Excerpted data:
(* Fix $r\ge 2$ and $\eta>0$. There is $c>0$ depending only on $\eta$ such that, if $p\gg\log n/n$, then a.a.s. for every $Q\in\mathcal{Q}_H$ with $Q\subseteq G_{n,p}$ and every $k\in[r]$, \[ |V^k(Q)|\ge\Big|\bigcup_{v\in V(Q)}N_Q(v)\cap V^k(Q)\Big|\ge c\cdot\min\{n,\,k(Q)\,np\}. \]
   Context: An $[r]$-coloured graph is a graph whose vertices are coloured from $[r]$ (not necessarily properly); $V^k(Q)$ denotes the vertices of $Q$ with colour $k$. $\mathcal{Q}_H$ is the family of $[r]$-coloured graphs $Q\subseteq K_n$ containing an independent set $X_Q\subseteq V^1(Q)$ of size $o(n)$ (bounded by a fixed function $s(n)=o(n)$) such that every edge of $Q$ has an endpoint in $X_Q$ and every $v\in X_Q$ has exactly $\eta np$ neighbours in $Q$ in each colour class $V^k(Q)$, $k\in[r]$ (assume $\eta np$ is an integer); $k(Q)=|X_Q|$. $Q\subseteq G_{n,p}$ means every edge of $Q$ is an edge of $G_{n,p}$. *)

From mathcomp Require Import all_boot all_order all_algebra.
From mathcomp Require Import all_classical all_reals all_analysis.
Set Implicit Arguments. Unset Strict Implicit. Unset Printing Implicit Defensive.
Import Order.TTheory GRing.Theory Num.Theory.
Local Open Scope ring_scope.

(* Vertices of K_n are 'I_n.  An (undirected) edge {u,v} is stored as the
   ordered pair (u,v) with u < v; a graph on [n] is a subset of [pairs n]. *)
Definition pairs (n : nat) : {set 'I_n * 'I_n} := [set e : 'I_n * 'I_n | (val e.1 < val e.2)%N].

Definition adjE (n : nat) (E : {set 'I_n * 'I_n}) (u v : 'I_n) : bool :=
  ((u, v) \in E) || ((v, u) \in E).

Definition nbhd (n : nat) (E : {set 'I_n * 'I_n}) (v : 'I_n) : {set 'I_n} :=
  [set u | adjE E v u].

Definition colour_class (n : nat) (VQ : {set 'I_n}) (col : 'I_n -> nat) (k : nat)
  : {set 'I_n} := [set v in VQ | col v == k].

(* Probability of an event under G_{n,p}: each of the C(n,2) edges present
   independently with probability p. *)
Definition gnp_prob (R : realType) (n : nat) (p : R)
  (P : {set 'I_n * 'I_n} -> Prop) : R :=
  \sum_(E : {set 'I_n * 'I_n} | E \subset pairs n)
     (if `[< P E >] then p ^+ #|E| * (1 - p) ^+ (#|pairs n| - #|E|) else 0).

(* The [r]-coloured graph Q = (VQ, col, EQ) together with the witness X = X_Q
   belongs to Q_H (with bound s and degree parameter eta*n*p). *)
Definition in_QH (R : realType) (n r : nat) (s : nat -> nat) (eta p : R)
  (VQ : {set 'I_n}) (col : 'I_n -> nat) (EQ : {set 'I_n * 'I_n})
  (X : {set 'I_n}) : Prop :=
  EQ \subset pairs n /\
  (forall e, e \in EQ -> e.1 \in VQ /\ e.2 \in VQ) /\
  (forall v, v \in VQ -> (1 <= col v <= r)%N) /\
  X \subset colour_class VQ col 1 /\
  (forall u v, u \in X -> v \in X -> ~~ adjE EQ u v) /\
  (#|X| <= s n)%N /\
  (forall e, e \in EQ -> e.1 \in X \/ e.2 \in X) /\
  (forall v k, v \in X -> (1 <= k <= r)%N ->
     (#|nbhd EQ v :&: colour_class VQ col k|)%:R = eta * n%:R * p).

Definition good_event (R : realType) (n r : nat) (s : nat -> nat) (eta p c : R)
  (E : {set 'I_n * 'I_n}) : Prop :=
  forall VQ col EQ X, in_QH r s eta p VQ col EQ X -> EQ \subset E ->
  forall k : nat, (1 <= k <= r)%N ->
    (#|(\bigcup_(v in VQ) nbhd EQ v) :&: colour_class VQ col k|
       <= #|colour_class VQ col k|)%N /\
    c * Num.min (n%:R) (#|X|%:R * n%:R * p)
      <= (#|(\bigcup_(v in VQ) nbhd EQ v) :&: colour_class VQ col k|)%:R.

Work request:
Using the records above, state how many lines contain "Import"; a single number is the whole answer.

Exercise output:
3